Актеозид из Cistanche Deserticola
4. Выводы
В настоящей статье HSCCC был успешно использован для выделения и очистки эхинакозида, цистанозида А, актеозида, изоактеозида и 20-ацетилактеозида из н-бутанольного экстракта C. Deserticola. Таким образом, это проверенное средство для полупрепаративного разделения биологически активных веществ. Тем временем структуры пяти PhG у C. Deserticola были исследованы с помощью LC-ESI-MSN; были обнаружены некоторые характерные черты ФГ, позволившие определить функциональные группы в структурах. Таким образом, метод LC-ESI-MSN является мощным инструментом для быстрой идентификации фенилэтаноидов и их гликозидов в экстрактах C. Deserticola, особенно при подтверждении данными ЯМР.
Подтверждение
Авторы хотели бы поблагодарить Джун Гу из Центра ядерного магнитного резонанса Университета Гвельфа, Онтарио, Канада, за ее помощь в экспериментах ЯМР. Этот проект был частично поддержан финансированием из провинции Цзилинь, Китай (№ 20060904).
использованная литература
Чен, Л.Дж., Игры, Д.Э., и Джонс, Дж. (2003). Выделение и идентификация четырех флавоноидных компонентов из семян Oroxylum Indicum с помощью высокоскоростной противоточной хроматографии. Журнал хроматографии А, 988, 95–105.

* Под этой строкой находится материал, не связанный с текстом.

Lemma addsmx_col_mx s m (S : 'M[F]_(s, n)) (A : 'M[F]_(m, n)) (v : 'rV[F]_n) :
  (S + col_mx v A :=: (S + A) + v)%MS.
Proof.
have := submx_refl (col_mx v A); rewrite col_mx_sub => /andP [vc Ac].
apply/eqmxP/andP; split; rewrite !addsmx_sub ?col_mx_sub.
  rewrite (submx_trans (addsmxSl S A) (addsmxSl _ v)) addsmxSr /=.
  by rewrite (submx_trans (addsmxSr S A) (addsmxSl _ v)).
by rewrite addsmxSl /= (submx_trans Ac (addsmxSr _ _)) (submx_trans vc (addsmxSr _ _)).
Qed.

End RowSpaces.

Section RowSpaceCounting.
Variable F : finFieldType.
Local Notation q := #|F|.

Lemma card_rV_submx n m (X : 'M[F]_(m, n)) :
  #|[set v : 'rV[F]_n | (v <= X)%MS]| = (q ^ \rank X)%N.
Proof.
have -> : [set v : 'rV[F]_n | (v <= X)%MS] =
          [set u *m row_base X | u in [set: 'rV[F]_(\rank X)]].
  apply/setP => v; rewrite inE; apply/idP/imsetP.
    by rewrite -(eq_row_base X) => /submxP [u ->]; exists u; rewrite ?inE.
  by case=> u _ ->; rewrite (submx_trans (submxMl _ _)) // eq_row_base.
rewrite card_imset; last exact: row_free_inj (row_base_free X).
by rewrite cardsT card_mx mul1n.
Qed.

Lemma card_rV_submx_diff n m1 m2 (T : 'M[F]_(m1, n)) (Y : 'M[F]_(m2, n)) :
  (Y <= T)%MS ->
  #|[set v : 'rV[F]_n | (v <= T)%MS && ~~ (v <= Y)%MS]| = (q ^ \rank T - q ^ \rank Y)%N.
Proof.
move=> YT; rewrite -!card_rV_submx.
have /setIidPr <- : [set v : 'rV[F]_n | (v <= Y)%MS] \subset [set v | (v <= T)%MS].
  by apply/subsetP => v; rewrite !inE => /submx_trans->.
by rewrite -cardsD; apply: eq_card => v; rewrite !inE andbC.
Qed.

Definition free_ext n s t (S : 'M[F]_(s, n)) (T : 'M[F]_(t, n)) m :=
  [set B : 'M[F]_(m, n) | (B <= T)%MS && (\rank (S + B) == \rank S + m)%N].

Lemma card_free_ext n s t (S : 'M[F]_(s, n)) (T : 'M[F]_(t, n)) m :
  (S <= T)%MS -> #|free_ext S T m| =
  (\prod_(i < m) (q ^ \rank T - q ^ (\rank S + i)))%N.
Proof.
move=> ST; elim: m => [|m IHm].
  rewrite big_ord0 -(card1 (0 : 'M[F]_(0, n))) /free_ext; apply: eq_card => B.
  by rewrite !inE [B]flatmx0 sub0mx addsmx0 addn0 !eqxx.
rewrite big_ord_recr /= -{}IHm -[LHS]sum1_card -[m.+1]add1n /free_ext.
set Pm := [set B : 'M[F]_(m, n) | _].
rewrite (partition_big dsubmx (mem Pm)) /=; last first.
  move=> B; rewrite !inE -[B]vsubmxK col_mx_sub col_mxKd addsmx_col_mx.
  case/andP=> /andP [_ ->] /=; rewrite mxrank_adds_row.
  have : (\rank (S + dsubmx B)%MS <= \rank S + m)%N.
    by rewrite (leq_trans (mxrank_adds_leqif _ _)) // leq_add2l rank_leq_row.
  by case: (~~ _) => /= ? /eqP ?; apply/eqP; lia.
rewrite -sum_nat_const; apply: eq_bigr => A; rewrite inE => /andP [AT /eqP rA].
rewrite (reindex (col_mx^~ A)) /=; last first.
  exists usubmx => [v _ | B]; first by rewrite col_mxKu.
  by case/andP=> _ /eqP <-; rewrite vsubmxK.
rewrite -rA -card_rV_submx_diff ?addsmx_sub ?ST // -sum1_card.
apply: eq_bigl => v; rewrite !inE col_mxKd eqxx andbT col_mx_sub AT andbT.
rewrite addsmx_col_mx mxrank_adds_row rA -addnA eqn_add2l.
by case: (~~ _); rewrite (addn1, addn0) add1n ?eqxx ?andbT // (ltn_eqF (ltnSn m)) andbF.
Qed.

Lemma free_ext0 n t (T : 'M[F]_(t, n)) m (B : 'M[F]_(m, n)) :
  (B \in free_ext (0 : 'M[F]_n) T m) = (B <= T)%MS && (\rank B == m).
Proof. by rewrite inE adds0mx mxrank0. Qed.

End RowSpaceCounting.


Section GrassmannMetric.
Variables (F : finFieldType) (n r : nat).
Local Notation Er := (Er F n r).
Local Notation dI := (@dI F n).

Lemma inErP (U : 'M[F]_n) : reflect (<<U>>%MS = U /\ \rank U = r) (U \in Er).
Proof. by rewrite inE; apply: (iffP andP) => [[/eqP ? /eqP ?]|[-> ->]]. Qed.

Lemma Er_rank (U : 'M[F]_n) : U \in Er -> \rank U = r.
Proof. by case/inErP. Qed.

Lemma Er_genmx (U : 'M[F]_n) : U \in Er -> <<U>>%MS = U.
Proof. by case/inErP. Qed.

Lemma genmx_Er m (A : 'M[F]_(m, n)) : \rank A = r -> <<A>>%MS \in Er.
Proof. by move=> rA; apply/inErP; rewrite genmx_id mxrank_gen. Qed.

Lemma dI_Er (U V : 'M[F]_n) : U \in Er -> V \in Er -> dI U V = (\rank (U + V) - r)%N.
Proof. by rewrite /Defs.dI => /inErP [_ ->] /inErP [_ ->]; rewrite minnn. Qed.

Lemma mxrank_cap_dI (U V : 'M[F]_n) : U \in Er -> V \in Er ->
  (\rank (U :&: V) + dI U V)%N = r.
Proof.
move=> hU hV; rewrite dI_Er //; have := mxrank_sum_cap U V.
have := mxrankS (addsmxSl U V).
by move: hU hV => /inErP [_ ->] /inErP [_ ->]; lia.
Qed.
(* Let $n=2^k$ for an integer $k\ge1$ and $\omega_n=e^{2\pi i/n}$. Define $$A_{n}=\{\Re(\omega_n^t):t\in\mathbb{Z},\ 0\le t<2^{k-2}\},\qquad B_{n}=\{i\,\Im(\omega_n^t):t\in\mathbb{Z},\ 0<t\le 2^{k-2}\}.$$ Then $A_n\cup B_n$ is a basis for $\mathbb{Q}(\omega_n)$ over $\mathbb{Q}$. Moreover, for every integer $t$, all coordinates of $\Re(\omega_n^t)$ and of $i\,\Im(\omega_n^t)$ with respect to this basis lie in $\{-1,0,1\}$.
   Context: $\Re$ and $\Im$ denote real and imaginary parts. *)

From mathcomp Require Import all_boot all_order all_algebra.
From mathcomp Require Import reals trigo.
From mathcomp.real_closed Require Import complex.
Import Order.TTheory GRing.Theory Num.Theory.

Set Implicit Arguments.
Unset Strict Implicit.
Unset Printing Implicit Defensive.

Local Open Scope ring_scope.
Local Open Scope complex_scope.

Definition omega (R : realType) (n : nat) : R[i] :=
  (cos (2 * pi / n%:R)) +i* (sin (2 * pi / n%:R)).

(* Index sets: A uses 0 <= t < 2^(k-2), i.e. 4t < 2^k;
               B uses 0 < t <= 2^(k-2), i.e. 4t <= 2^k (t > 0). *)
Definition Aidx (k : nat) : seq nat := [seq t <- iota 0 (2 ^ k) | 4 * t < 2 ^ k]%N.
Definition Bidx (k : nat) : seq nat := [seq t <- iota 1 (2 ^ k) | 4 * t <= 2 ^ k]%N.

Definition basis_seq (R : realType) (k : nat) : seq R[i] :=
  [seq 'Re (omega R (2 ^ k) ^+ t) | t <- Aidx k] ++
  [seq 'i * 'Im (omega R (2 ^ k) ^+ t) | t <- Bidx k].

(* Subfields of a field, and the subfield Q(a) generated by a (the
   intersection of all subfields containing a; every subfield contains Q). *)
Definition is_subfield (F : fieldType) (S : F -> Prop) : Prop :=
  [/\ S 0, S 1,
      (forall x y, S x -> S y -> S (x - y)),
      (forall x y, S x -> S y -> S (x * y)) &
      (forall x, S x -> x != 0 -> S x^-1)].

Definition Qadjoin (F : fieldType) (a : F) : F -> Prop :=
  fun z => forall S : F -> Prop, is_subfield S -> S a -> S z.

Definition Qcomb (F : fieldType) (s : seq F) (c : 'I_(size s) -> rat) : F :=
  \sum_(j < size s) ratr (c j) * s`_j.

Definition is_Qbasis (F : fieldType) (K : F -> Prop) (s : seq F) : Prop :=
  [/\ (forall j : 'I_(size s), K s`_j),
      (forall c : 'I_(size s) -> rat, Qcomb c = 0 -> forall j, c j = 0) &
      (forall z, K z -> exists c : 'I_(size s) -> rat, z = Qcomb c)].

Cheng, XY, Wei, T., Guo, B., Ni, W., & Liu, CZ (2005). Культуры суспензии клеток Cistanche Deserticola: биосинтез фенилэтаноидных гликозидов и антиоксидантная активность. Биохимия процессов, 40, 3119–3124.
Фуко, А. П., и Шеволо, Л. (1998). Противоточная хроматография: аппаратура, выбор растворителя и некоторые недавние применения для очистки натуральных продуктов. Журнал хроматографии А, 808, 3–22.

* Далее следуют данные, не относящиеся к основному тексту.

(* Let $C$ be any logistic circuit structure over Boolean variables $X_1,\dots,X_k$, with parameter vector $\theta\in\mathbb{R}^m$ collecting its $m$ OR-gate wire parameters. Then there exists a feature map $\phi:[0,1]^k\to\mathbb{R}^{m'}$ depending only on the input $\mathbf{x}$ and the structure of $C$ (not on the parameters), and a linear correspondence by which the logistic circuit is a logistic regression model over these features: for every parameter setting, $\Pr(Y=1\mid\mathbf{x}) = 1/(1+\exp(-\phi(\mathbf{x})\cdot\theta'))$ for all $\mathbf{x}\in[0,1]^k$, where $\theta'$ is a vector whose entries are parameters of the circuit. That is, any logistic circuit model can be reduced to a logistic regression model over a particular feature set.
   Context: A logical circuit over Boolean variables $X_1,\dots,X_k$ is a rooted directed acyclic graph whose leaves are literals $X_i$ or $\neg X_i$ and whose inner nodes are AND gates or OR gates; each node represents a logical sentence. An AND gate is decomposable if its inputs mention pairwise disjoint sets of variables; an OR gate is deterministic if for every complete assignment at most one of its inputs is satisfied. A logistic circuit is a logical circuit whose root is an OR gate, with all AND gates decomposable and all OR gates deterministic, together with a real parameter on each input wire of each OR gate. For $\mathbf{x}\in[0,1]^k$, $\Pr_{\mathbf{x}}$ is the fully factorized distribution with $\Pr_{\mathbf{x}}(X_i=1)=x_i$, and $\Pr_{\mathbf{x}}(n)$ is the probability of the sentence of node $n$. For an OR gate $n$ with child $c$, the flow is $f(n,\mathbf{x},c)=\Pr_{\mathbf{x}}(c)/\Pr_{\mathbf{x}}(n)$ (taken to be $0$ if $\Pr_{\mathbf{x}}(n)=0$). The weight function: $g_n(\mathbf{x})=0$ for a leaf; $g_n(\mathbf{x})=\sum_i g_{c_i}(\mathbf{x})$ for an AND gate with children $c_i$; $g_n(\mathbf{x})=\sum_i f(n,\mathbf{x},c_i)(g_{c_i}(\mathbf{x})+\theta_i)$ for an OR gate with inputs $(c_i,\theta_i)$. With root $r$, $\Pr(Y=1\mid\mathbf{x})=1/(1+\exp(-g_r(\mathbf{x})))$. *)

From HB Require Import structures.
From mathcomp Require Import all_boot all_order all_algebra.
From mathcomp Require Import reals.
From mathcomp Require Import sequences exp.
Set Implicit Arguments. Unset Strict Implicit. Unset Printing Implicit Defensive.
Import Order.TTheory GRing.Theory Num.Theory.
Local Open Scope ring_scope.

(* OR-gate wires carry an
   index into a parameter vector theta : 'I_m -> R.  A DAG is represented by
   its tree unfolding; sharing of a node (and hence of its wire parameters)
   is represented by repeating the subtree with the same parameter indices. *)
Inductive node (k m : nat) : Type :=
| Lit of 'I_k & bool
| And of seq (node k m)
| Or of seq (node k m * 'I_m).

Arguments Lit {k m}.
Arguments And {k m}.
Arguments Or {k m}.

Section Circuits.
Variables (k m : nat).
Local Notation node := (node k m).
Local Notation assign := {ffun 'I_k -> bool}.

Fixpoint eval (n : node) (a : assign) : bool :=
  match n with
  | Lit i b => a i == b
  | And cs => all (fun c => eval c a) cs
  | Or cs => has (fun p => eval p.1 a) cs
  end.

Fixpoint vars (n : node) : seq 'I_k :=
  match n with
  | Lit i _ => [:: i]
  | And cs => flatten (map vars cs)
  | Or cs => flatten (map (fun p => vars p.1) cs)
  end.

Definition disjoint_vars (c d : node) : bool :=
  all (fun v => v \notin vars d) (vars c).

(* all AND gates decomposable, all OR gates deterministic *)
Fixpoint valid (n : node) : bool :=
  match n with
  | Lit _ _ => true
  | And cs => pairwise disjoint_vars cs && all valid cs
  | Or cs => [forall a : assign, (count (fun p => eval p.1 a) cs <= 1)%N]
             && all (fun p => valid p.1) cs
  end.

Definition is_or (n : node) : bool := if n is Or _ then true else false.

Variable R : realType.

Definition prob (x : 'I_k -> R) (n : node) : R :=
  \sum_(a : assign | eval n a) \prod_(i < k) (if a i then x i else 1 - x i).

Definition flow (x : 'I_k -> R) (n c : node) : R :=
  if prob x n == 0 then 0 else prob x c / prob x n.

(* weight function g_n(x); the inner fixpoints are plain list sums
   (g of AND = sum of children's g; g of OR = sum of flow * (g_c + theta)),
   written out explicitly so that the guard checker accepts the recursion *)
Fixpoint weight (theta : 'I_m -> R) (x : 'I_k -> R) (n : node) : R :=
  match n with
  | Lit _ _ => 0
  | And cs =>
      (fix sumA (l : seq node) : R :=
         if l is c :: l' then weight theta x c + sumA l' else 0) cs
  | Or cs =>
      (fix sumO (l : seq (node * 'I_m)) : R :=
         if l is p :: l' then flow x n p.1 * (weight theta x p.1 + theta p.2) + sumO l'
         else 0) cs
  end.

Definition prob_Y1 (theta : 'I_m -> R) (x : 'I_k -> R) (r : node) : R :=
  1 / (1 + expR (- weight theta x r)).

End Circuits.

From HB Require Import structures.
From mathcomp Require Import all_boot all_order all_algebra.
From mathcomp Require Import reals.
From mathcomp Require Import sequences exp.
From Stdlib Require List.
Import Order.TTheory GRing.Theory Num.Theory.
Local Open Scope ring_scope.

(* Flows depend on x but not on theta, so unfolding the recursion of the
   weight function shows that g_r is a linear form in theta.  Its coordinates
   in the standard basis, i.e. the weights obtained with theta equal to a unit
   vector, are the features; the parameters are used unchanged. *)

Section NodeInduction.
Variables (k m : nat) (P : node k m -> Prop).
Hypothesis P_Lit : forall i b, P (Lit i b).
Hypothesis P_And : forall cs, List.Forall P cs -> P (And cs).
Hypothesis P_Or : forall cs, List.Forall (fun p => P p.1) cs -> P (Or cs).

Fixpoint node_deep_ind (n : node k m) : P n :=
  match n with
  | Lit i b => P_Lit i b
  | And cs => P_And cs ((fix go l : List.Forall P l :=
      if l is c :: l' then List.Forall_cons c (node_deep_ind c) (go l')
      else List.Forall_nil P) cs)
  | Or cs => P_Or cs ((fix go l : List.Forall (fun p => P p.1) l :=
      if l is p :: l' then List.Forall_cons p (node_deep_ind p.1) (go l')
      else List.Forall_nil _) cs)
  end.

End NodeInduction.

Lemma eq_big_Forall {R : nmodType} {I : Type} {s : seq I} {Q : I -> Prop}
    {F G : I -> R} :
  List.Forall Q s -> (forall i, Q i -> F i = G i) ->
  \sum_(i <- s) F i = \sum_(i <- s) G i.
Proof.
move=> Qs eqFG; elim: Qs => [|i s' Qi _ IH]; first by rewrite !big_nil.
by rewrite !big_cons eqFG // IH.
Qed.

Lemma sum_eq_natr_mul (R : pzSemiRingType) (m : nat) (theta : 'I_m -> R) i :
  \sum_j (i == j)%:R * theta j = theta i.
Proof.
rewrite (bigD1 i) //= eqxx mul1r big1 ?addr0 // => j /negbTE.
by rewrite eq_sym => ->; rewrite mul0r.
Qed.

Section WeightLinear.
Variables (R : realType) (k m : nat) (x : 'I_k -> R).

Lemma weight_And (theta : 'I_m -> R) (cs : seq (node k m)) :
  weight theta x (And cs) = \sum_(c <- cs) weight theta x c.
Proof. by elim: cs => [|c cs IH] /=; rewrite ?big_nil // big_cons -IH. Qed.

Lemma weight_Or (theta : 'I_m -> R) (cs : seq (node k m * 'I_m)) :
  weight theta x (Or cs) =
  \sum_(p <- cs) flow x (Or cs) p.1 * (weight theta x p.1 + theta p.2).
Proof.
rewrite /=; move: (flow x (Or cs)) => f.
by elim: cs => [|p cs IH] /=; rewrite ?big_nil // big_cons IH.
Qed.

Definition unit_param (j : 'I_m) : 'I_m -> R := fun i => (i == j)%:R.

Lemma weight_linear (theta : 'I_m -> R) (n : node k m) :
  weight theta x n = \sum_j weight (unit_param j) x n * theta j.
Proof.
elim/node_deep_ind: n => [i b|cs IH|cs IH].
- by rewrite /= big1 // => j _; rewrite mul0r.
- rewrite weight_And (eq_big_Forall IH (fun c eq_c => eq_c)) exchange_big.
  by apply: eq_bigr => j _; rewrite weight_And mulr_suml.
- set f := flow x (Or cs).
  rewrite weight_Or (eq_big_Forall (G := fun p =>
    \sum_j f p.1 * (weight (unit_param j) x p.1 + unit_param j p.2) * theta j)
    IH); last first.
    move=> p ->; rewrite -[theta p.2]sum_eq_natr_mul -big_split mulr_sumr /=.
    by apply: eq_bigr => j _; rewrite -mulrDl mulrA.
  rewrite exchange_big; apply: eq_bigr => j _.
  by rewrite weight_Or mulr_suml.
Qed.

End WeightLinear.

Theorem proposition2 (R : realType) (k m : nat) (C : node k m) :
  is_or C -> valid C ->
  exists (m' : nat) (phi : ('I_k -> R) -> 'I_m' -> R) (sigma : 'I_m' -> 'I_m),
    forall (theta : 'I_m -> R) (x : 'I_k -> R),
      (forall i, 0 <= x i <= 1) ->
      prob_Y1 theta x C = 1 / (1 + expR (- \sum_(j < m') phi x j * theta (sigma j))).
Proof.
move=> _ _; exists m, (fun x j => weight (@unit_param R m j) x C), id.
by move=> theta x _; rewrite /prob_Y1 [weight theta x C]weight_linear.
Qed.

Гросс, Г.-А., Лахлуб, М.Ф., Анклин, К., Шультен, Х.-Р., и Стичер, О. (1988). Тевкриозид, фенилпропаноидный гликозид из Teucrium Chamaedrys. Фитохимия, 27, 1459–1463.

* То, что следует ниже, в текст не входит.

(* For every integer $n\ge0$, the Hankel determinant $d(n,s,q)=\det\big(f(i+j,s,q)\big)_{i,j=0}^n$ equals $$d(n,s,q)=q^{\frac{n^2(n+1)}{2}}\,\frac{\prod_{j=0}^n\big(\frac{s}{q^{2j-1}};q^2\big)_{2j}\;\prod_{j=0}^n(q;q)_j}{\prod_{j=0}^n(-q;q)_{j+n}}.$$
   Context: $q,s$ are indeterminates. $(x;q)_n=\prod_{j=0}^{n-1}(1-q^jx)$. The Gaussian binomial coefficient is $\begin{bmatrix} n\\ j\end{bmatrix}_q=\frac{(q;q)_n}{(q;q)_j(q;q)_{n-j}}$ for $0\le j\le n$ and $0$ otherwise. $f(n,s,q)=\dfrac{\sum_{j=0}^n s^j\begin{bmatrix} n\\ j\end{bmatrix}_{q^2}}{(-q;q)_n}$. *)

From HB Require Import structures.
From mathcomp Require Import all_boot all_order all_algebra.
Set Implicit Arguments. Unset Strict Implicit. Unset Printing Implicit Defensive.
Import Order.TTheory GRing.Theory Num.Theory.
Local Open Scope ring_scope.

Definition qpoch (F : fieldType) (x q : F) (n : nat) : F :=
  \prod_(j < n) (1 - q ^+ j * x).

Definition gauss_binom (F : fieldType) (q : F) (n j : nat) : F :=
  if (j <= n)%N then qpoch q q n / (qpoch q q j * qpoch q q (n - j)) else 0.

Definition fH (F : fieldType) (s q : F) (n : nat) : F :=
  (\sum_(j < n.+1) s ^+ j * gauss_binom (q ^+ 2) n j) / qpoch (- q) q n.

Definition hankel_d (F : fieldType) (s q : F) (n : nat) : F :=
  \det (\matrix_(i < n.+1, j < n.+1) fH s q (i + j)%N).

Definition K : fieldType := {fraction {poly {poly rat}}}.
Definition qK : K := tofrac ((('X : {poly rat}))%:P : {poly {poly rat}}).
Definition sK : K := tofrac ('X : {poly {poly rat}}).

From HB Require Import structures.
From mathcomp Require Import all_boot all_order all_algebra.
From mathcomp Require Import ring zify.
Import Order.TTheory GRing.Theory Num.Theory.
Set Implicit Arguments. Unset Strict Implicit. Unset Printing Implicit Defensive.
Local Open Scope ring_scope.

(* The entries f(n) satisfy the three-term recurrence
     (1 + q^(n+2)) f(n+2) = (1 + s) f(n+1) - s (1 - q^(n+1)) f(n)
   inherited from the Rogers-Szego polynomials sum_j s^j [n j]_(q^2). For the moment
   functional L(x^n) = f(n) this is the q-Pearson equation
     L((x - 1)(x - s) p(x)) = - L((q^2 x^2 - s q) p(q x)),
   from which phi_i = prod_(m<i) (x - q^m) and psi_j = prod_(m<j) (x - s q^m) satisfy
     L(phi_i psi_j) = q^(ij) prod_(k<i) (s - q^(2k+1)) (s q; q^2)_j / (-q; q)_(i+j).
   Since phi_i and psi_j are monic of degrees i and j, the Hankel determinant equals the
   determinant of these moments. Up to row and column factors this is the matrix
   q^(ij) / (-q; q)_(i+j) = p_j(q^i) / (-q; q)_(n+i) with p_j = x^j prod_(m<n-j) (1 + q^(j+m+1) x),
   i.e. a Vandermonde matrix in the q^i times a unitriangular matrix. *)

Section QPochhammer.
Variable F : fieldType.
Implicit Types x q : F.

He, ZD, Lau, KM, Xu, HX, Li, PC и But, PPH (2000). Антиоксидантная активность фенилэтаноидных гликозидов из брэндизии шансов. Журнал этнофармакологии, 71, 483–486.
Кобаяши Х., Карасава Х. и Миясе Т. (1984). Исследования компонентов Cistanchis Herba. III. Выделение и структура новых фенилпропаноидных гликозидов, цистанозидов А и В. Химический и фармацевтический бюллетень, 32, 3009–3014.
Кобаяши Х., Огучи Х., Такидзава Н., Миясе Т., Уэно А., Усмангхани К. и др. (1987). Новые фенилэтаноидные гликозиды из Cistanche tubulosa (Schrenk) Hook. ФИ. Химический и фармацевтический бюллетень, 35, 3309–3314.
Лей, Л., Ян, Ф.К., Чжан, Т.И., Ту, П.Ф., Ву, Л.Дж. и Ито, Ю. (2001). Препаративное выделение и очистка актеозида и 2'-ацетилактеозида из Cistanches salsa (CA Mey) G. Beck с помощью противоточной хроматографии. Журнал хроматографии А, 912, 181–185.
Li, L., Tsao, R., Liu, ZQ, Liu, SY, Yang, R., Young, JC, et al. (2005). Выделение и очистка актеозида и изоактеозида из Plantago psyllium L. с помощью высокоскоростной противоточной хроматографии. Журнал хроматографии А, 1063, 161–169.
Ли, Л.Л., Ван, XW, и Ван, XF (1997). Антилипидное перекисное окисление и антирадикальное действие гликозидов травы цистанков. China Journal of Chinese Materia Medica, 22, 364–367.
Ли, Дж., Ван, П.Ф., Чжэн, Р.Л., Лю, З.М., и Цзя, З.Дж. (1993). Защита фенилпропаноидных гликозидов Pedicularis от окислительного гемолиза in vitro. Планта Медика, 59, 315–317.
Лу, MC (1998). Исследования седативного эффекта цистанхе пустынной. Журнал этнофармакологии, 59, 161–165.
Нисимура Х., Сасаки Х., Инагаки Н., Чин М. и Мицухаши Х. (1991). Девять гликозидов фенетилового спирта из Stachys szeboldzz. Фитохимия, 30, 965–969.
Ока Ф., Ока Х. и Ито Ю. (1991). Систематический поиск подходящих двухфазных систем растворителей для высокоскоростной противоточной хроматографии. Журнал хроматографии, 538, 99–108.
Равн Х., Нишибе С., Сасахара М. и Ли Х. (1990). Фенольные соединения подорожника азиатского. Фитохимия, 29, 3627–3631.
Шаповаль, Э.С., Винтер де Варгас, М.Р., Чавес, К.Г., Бриди, Р., Зуанацци, Дж.А., и Энрикес, А.Т. (1998). Противовоспалительная и антиноцицептивная активность экстрактов и изолированных соединений Stachytarpheta cayennensis. Журнал этнофармакологии, 60, 53–59.
Шояма Ю., Мацумото М. и Нисиока И. (1987). Фенольные гликозиды из больных корней Rehmannia glutinosa Var. Пурпуреа. Фитохимия, 26, 983–986.
Ван, XW, Цзян, XY, Ву, LY и Ван, XF (2001). Очищающее действие гликозидов цистанхе пустынного на свободные радикалы и его защита от повреждения ДНК, вызванного ОН, in vitro. Журнал китайской фармакологии, 36, 29–31.